The pottery of ancient Cyprus starts during the Neolithic period. 
Throughout the ages, Cypriot ceramics demonstrate many connections with cultures from around the Mediterranean.
During the Early and Middle Bronze Ages, it is especially imaginative in shape and decoration. There are also many early terracotta figurines that were produced depicting female figures.

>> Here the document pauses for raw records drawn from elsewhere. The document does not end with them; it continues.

(* Let $A\in\mathcal{B}(\Omega)$ with $c(A)>0$ and let $X\in\mathbb{L}^1(\Omega)$ satisfy $0\le XI_A\le M$ for a constant $M>0$. Then for each $\delta>0$, $\hat{\mathbb{E}}[(X+\delta)I_A]>\hat{\mathbb{E}}[XI_A]$.
   Context: $\Omega=C_0^d(\mathbb{R}^+)$ is the space of continuous paths from $[0,\infty)$ to $\mathbb{R}^d$ starting at $0$. $\mathcal{P}$ is a (weakly compact) set of probability measures on $(\Omega,\mathcal{B}(\Omega))$ representing the $G$-expectation. For $X\in L^0(\Omega)$ (Borel maps into $[-\infty,\infty]$) with $E_P[X]$ defined for all $P\in\mathcal{P}$, $\hat{\mathbb{E}}[X]:=\sup_{P\in\mathcal{P}}E_P[X]$; $c(A)=\sup_{P\in\mathcal{P}}P(A)$; $\mathbb{L}^1(\Omega)=\{X\in L^0(\Omega):\hat{\mathbb{E}}[|X|]<\infty\}$. *)

From HB Require Import structures.
From mathcomp Require Import all_boot all_order all_algebra.
From mathcomp Require Import all_classical all_reals all_analysis.
From mathcomp Require Import measurable_realfun.
Set Implicit Arguments. Unset Strict Implicit. Unset Printing Implicit Defensive.
Import Order.TTheory GRing.Theory Num.Theory.
Import numFieldNormedType.Exports.
Local Open Scope classical_set_scope.
Local Open Scope ring_scope.

(* The canonical space Omega = C_0^d(R^+): continuous paths w : [0,oo) -> R^d
   with w(0) = 0.  A path is encoded as a function R -> R^d (row vectors) which
   is continuous and vanishes on (-oo,0]; this is a bijective encoding of
   C_0^d(R^+) (extend by 0 to the negative half-line). *)
Record cpath (R : realType) (d : nat) := CPath {
  cpval :> R -> 'rV[R]_d ;
  cpath_cont : continuous cpval ;
  cpath_zero : forall t : R, t <= 0 -> cpval t = 0 }.

HB.instance Definition _ (R : realType) (d : nat) :=
  gen_eqMixin (cpath R d).
HB.instance Definition _ (R : realType) (d : nat) :=
  gen_choiceMixin (cpath R d).

Lemma cpath0_cont (R : realType) (d : nat) :
  continuous (fun _ : R => (0 : 'rV[R]_d)).
Proof. by move=> x; exact: cvg_cst. Qed.

Definition cpath0 (R : realType) (d : nat) : cpath R d :=
  @CPath R d (fun _ => 0) (@cpath0_cont R d) (fun _ _ => erefl).

HB.instance Definition _ (R : realType) (d : nat) :=
  isPointed.Build (cpath R d) (cpath0 R d).

(* Topology of uniform convergence on compacts: U is open iff around each of
   its points it contains a set {w' | sup_{t in [0,n]} |w'(t)-w(t)| < e}
   (coordinatewise sup-norm). *)
Definition lu_near (R : realType) (d : nat) (w : cpath R d) (n : nat) (e : R)
  : set (cpath R d) :=
  [set w' : cpath R d | forall t : R, 0 <= t <= n%:R ->
      forall i : 'I_d, `|w' t ord0 i - w t ord0 i| < e].

Definition lu_open (R : realType) (d : nat) (U : set (cpath R d)) : Prop :=
  forall w, U w -> exists n : nat, exists2 e : R, 0 < e & lu_near w n e `<=` U.

Definition Omega (R : realType) (d : nat) :=
  g_sigma_algebraType (@lu_open R d).

Definition lu_continuous (R : realType) (d : nat) (f : Omega R d -> R) : Prop :=
  forall (w : Omega R d) (e : R), 0 < e ->
    exists n : nat, exists2 eta : R, 0 < eta &
      forall w' : Omega R d, lu_near w n eta w' -> `|f w' - f w| < e.

Definition bounded_fun (T : Type) (R : realType) (f : T -> R) : Prop :=
  exists M : R, forall x, `|f x| <= M.

Definition weak_cvg (R : realType) (d : nat)
  (Pn : nat -> probability (Omega R d) R) (P : probability (Omega R d) R) : Prop :=
  forall f : Omega R d -> R, lu_continuous f -> bounded_fun f ->
    ((fun n => \int[Pn n]_w (f w)%:E) @ \oo --> \int[P]_w (f w)%:E)%E.

(* weak compactness (Omega is Polish, so the weak topology is metrizable and
   compactness is sequential compactness) *)
Definition weakly_compact (R : realType) (d : nat)
  (PP : set (probability (Omega R d) R)) : Prop :=
  forall Pn : nat -> probability (Omega R d) R, (forall n, PP (Pn n)) ->
    exists2 phi : nat -> nat, increasing_seq phi &
      exists2 P, PP P & weak_cvg (Pn \o phi) P.

Definition hatE (R : realType) (d : nat) (PP : set (probability (Omega R d) R))
  (X : Omega R d -> \bar R) : \bar R :=
  ereal_sup [set (\int[P]_w X w)%E | P in PP].

Definition cap (R : realType) (d : nat) (PP : set (probability (Omega R d) R))
  (A : set (Omega R d)) : \bar R :=
  ereal_sup [set P A | P in PP].

Definition L1 (R : realType) (d : nat) (PP : set (probability (Omega R d) R))
  (X : Omega R d -> \bar R) : Prop :=
  measurable_fun [set: Omega R d] X /\ (hatE PP (fun w => `|X w|%E) < +oo)%E.

(* X * I_A with the convention (+-oo) * 0 = 0 *)
Definition mulInd (R : realType) (d : nat) (X : Omega R d -> \bar R)
  (A : set (Omega R d)) : Omega R d -> \bar R :=
  fun w => (X w * (\1_A w)%:E)%E.

From HB Require Import structures.
From mathcomp Require Import all_boot all_order all_algebra.
From mathcomp Require Import all_classical all_reals all_analysis.
From mathcomp Require Import measurable_realfun.
From mathcomp Require Import lra.
Import Order.TTheory GRing.Theory Num.Theory.
Local Open Scope classical_set_scope.
Local Open Scope ring_scope.

(* Write s = E^[X I_A] and t = E^[(X + delta) I_A].  Since 0 <= X I_A <= M,
   on A we have X + delta >= (1 + delta/M) X, so t >= (1 + delta/M) s; and
   (X + delta) I_A >= delta I_A gives t >= delta c(A) > 0.  As s is finite,
   either s = 0 < t or s < (1 + delta/M) s <= t. *)

Section sublinear_expectation.
Local Open Scope ereal_scope.
Context {R : realType} {d : nat} {PP : set (probability (Omega R d) R)}.

Lemma hatE_ge_integral (P : probability (Omega R d) R) (f : Omega R d -> \bar R) :
  PP P -> \int[P]_w f w <= hatE PP f.
Proof. by move=> PPP; apply: ereal_sup_ubound; exists P. Qed.

Lemma hatE_ge0 {f : Omega R d -> \bar R} :
  PP !=set0 -> (forall w, 0 <= f w) -> 0 <= hatE PP f.
Proof.
move=> [P PPP] f0; apply: le_trans _ (hatE_ge_integral P f PPP); exact: integral_ge0.
Qed.

Lemma hatE_le_bound {f : Omega R d -> \bar R} {M : R} :
  measurable_fun setT f -> (forall w, 0 <= f w <= M%:E) -> hatE PP f <= M%:E.
Proof.
move=> mf fM; apply: ge_ereal_sup => _ [P _ <-].
apply: (@le_trans _ _ (\int[P]_w (cst M%:E) w)).
  apply: ge0_le_integral => // w _; first by have /andP[] := fM w.
  by have /andP[] := fM w.
by rewrite integral_cst // -[leRHS]mule1 -(probability_setT P).
Qed.

Lemma hatE_pscale_le {c : R} {f g : Omega R d -> \bar R} :
  (0 < c)%R -> measurable_fun setT f -> measurable_fun setT g ->
  (forall w, 0 <= f w) -> (forall w, c%:E * f w <= g w) ->
  c%:E * hatE PP f <= hatE PP g.
Proof.
move=> c0 mf mg f0 fg; rewrite -lee_pdivlMl //.
apply: ge_ereal_sup => _ [P PPP <-]; rewrite lee_pdivlMl //.
rewrite -ge0_integralZl //; last by rewrite lee_fin ltW.
apply: le_trans _ (hatE_ge_integral P g PPP); apply: ge0_le_integral => //.
- by move=> w _; rewrite mule_ge0 // lee_fin ltW.
- by apply: emeasurable_funM => //; exact: measurable_cst.
Qed.

Lemma hatE_indic (A : set (Omega R d)) :
  measurable A -> hatE PP (fun w => (\1_A w)%:E) = cap PP A.
Proof.
move=> mA; congr ereal_sup; apply/seteqP.
by split=> _ [P PPP <-]; exists P => //; rewrite integral_indic // setIT.
Qed.

Lemma cap_gt0_neq0 {A : set (Omega R d)} : 0 < cap PP A -> PP !=set0.
Proof.
move=> cA; apply/set0P/negP => /eqP PP0; move: cA.
by rewrite /cap PP0 image_set0 ereal_sup0 ltNge leNye.
Qed.

End sublinear_expectation.

Section indicator_product.
Local Open Scope ereal_scope.
Context {R : realType} {d : nat}.
Implicit Types (X : Omega R d -> \bar R) (A : set (Omega R d)).

Lemma measurable_EFin_indic {A} :
  measurable A -> measurable_fun setT (fun w => (\1_A w)%:E : \bar R).
Proof. by move=> mA; exact/measurable_EFinP/measurable_indic. Qed.

Lemma measurable_mulInd X A :
  measurable A -> measurable_fun setT X -> measurable_fun setT (mulInd X A).
Proof. by move=> mA mX; apply: emeasurable_funM mX _; exact: measurable_EFin_indic. Qed.

Lemma mulInd_shiftE X A (c : R) (w : Omega R d) :
  mulInd (fun w => X w + c%:E) A w = mulInd X A w + (c * \1_A w)%:E.
Proof.
rewrite /mulInd /indic; case: (w \in A) => /=.
  by rewrite !mule1 mulr1.
by rewrite !mule0 mulr0 adde0.
Qed.

Lemma mulInd_shift_ge_indic X A (c : R) (w : Omega R d) :
  0 <= mulInd X A w -> c%:E * (\1_A w)%:E <= mulInd (fun w => X w + c%:E) A w.
Proof. by move=> XA0; rewrite mulInd_shiftE -EFinM leeDr. Qed.

Lemma mulInd_shift_ge_scale X A (M c : R) (w : Omega R d) :
  (0 < M)%R -> (0 <= c)%R -> 0 <= mulInd X A w <= M%:E ->
  (1 + c / M)%:E * mulInd X A w <= mulInd (fun w => X w + c%:E) A w.
Proof.
move=> M0 c0; rewrite mulInd_shiftE /mulInd /indic.
case: (w \in A) => /=; last by rewrite !mule0 mulr0 adde0.
rewrite !mule1 mulr1; case: (X w) => [r| |] /andP[r0 rM] //.
move: r0 rM; rewrite !lee_fin => r0 rM.
have cr : (c / M * r <= c)%R by rewrite mulrAC ler_pdivrMr //; nra.
have : ((1 + c / M) * r <= r + c)%R by lra.
by rewrite -lee_fin.
Qed.

End indicator_product.

Lemma lt_of_pscale_le (R : realType) (s t : \bar R) (k : R) :
  (0 < k)%R -> (0 <= s)%E -> (s < +oo)%E -> (0 < t)%E ->
  ((1 + k)%:E * s <= t)%E -> (s < t)%E.
Proof.
move=> k0; case: s => [r| |] //= r0 _ t0; rewrite lee_fin in r0.
have [->|r_gt0] := eqVneq r 0; first by [].
move=> /(lt_le_trans _); apply; rewrite -EFinM lte_fin.
have : (0 < r)%R by rewrite lt_neqAle eq_sym r_gt0.
nra.
Qed.

Theorem proposition3p6 (R : realType) (d : nat)
  (PP : set (probability (Omega R d) R)) (hPP : weakly_compact PP)
  (A : set (Omega R d)) (mA : measurable A) (cA : (0 < cap PP A)%E)
  (X : Omega R d -> \bar R) (hX : L1 PP X)
  (M : R) (hM : 0 < M)
  (hXA : forall w, (0 <= mulInd X A w <= M%:E)%E) :
  forall delta : R, 0 < delta ->
    (hatE PP (mulInd (fun w => X w + delta%:E)%E A) > hatE PP (mulInd X A))%E.
Proof.
move=> delta delta0.
have XA0 w : (0 <= mulInd X A w)%E by have /andP[] := hXA w.
have mXA := measurable_mulInd X A mA hX.1.
have mXdA : measurable_fun setT (mulInd (fun w => X w + delta%:E)%E A).
  exact: measurable_mulInd _ _ mA (emeasurable_funD hX.1 (measurable_cst _)).
have mI := measurable_EFin_indic mA.
apply: (@lt_of_pscale_le _ _ _ (delta / M)).
- by rewrite divr_gt0.
- exact: hatE_ge0 (cap_gt0_neq0 cA) XA0.
- exact: le_lt_trans (hatE_le_bound mXA hXA) (ltry _).
- apply: lt_le_trans (hatE_pscale_le delta0 mI mXdA _ _).
  + by rewrite hatE_indic // mule_gt0.
  + by move=> w; rewrite lee_fin.
  + by move=> w; exact: mulInd_shift_ge_indic.
- apply: hatE_pscale_le mXA mXdA XA0 _; first by rewrite ltr_wpDr ?divr_ge0 ?ltW.
  by move=> w; exact: mulInd_shift_ge_scale (ltW delta0) (hXA w).
Qed.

The typo-chronology of Cypriot pottery for the Iron Age was established by Einar Gjerstad based on material excavated by the Swedish Cyprus Expedition. Gjerstad divided the Iron Age into three periods, the Cypro-Geometric (1050-750 BC), the Cypro-Archaic (750-480 BC) and the Cypro-Classical (480-310 BC), which are in turn subdivided, the CG I-III, the CA I-II and the CC I-II, each period corresponds to one pottery Type, with a total of seven, Types I-VII. The exact dates of the chronology of Gjerstad have been slightly revised following more current research. The typochronology is explained in his main work Swedish Cyprus Expedition IV, 2. The Cypro-geometric, Cypro-archaic and Cypro-classical Periods (1948) with further remarks made in the article Pottery Types, Cypro-Geometric to Cypro-Classical (1960).

Neolithic Age
The earliest widely used ceramics during the 5th millennium BC are of the Dark Faced Burnished Ware type. 
This ceramic technique was followed by the following techniques:
 Red on White ware
 "Combed ware" 
 Painted and Combed ware, a combination of the two previous types

Bronze Age 

"Red Polished Ware" has been found from the start of the Bronze Age in Cyprus.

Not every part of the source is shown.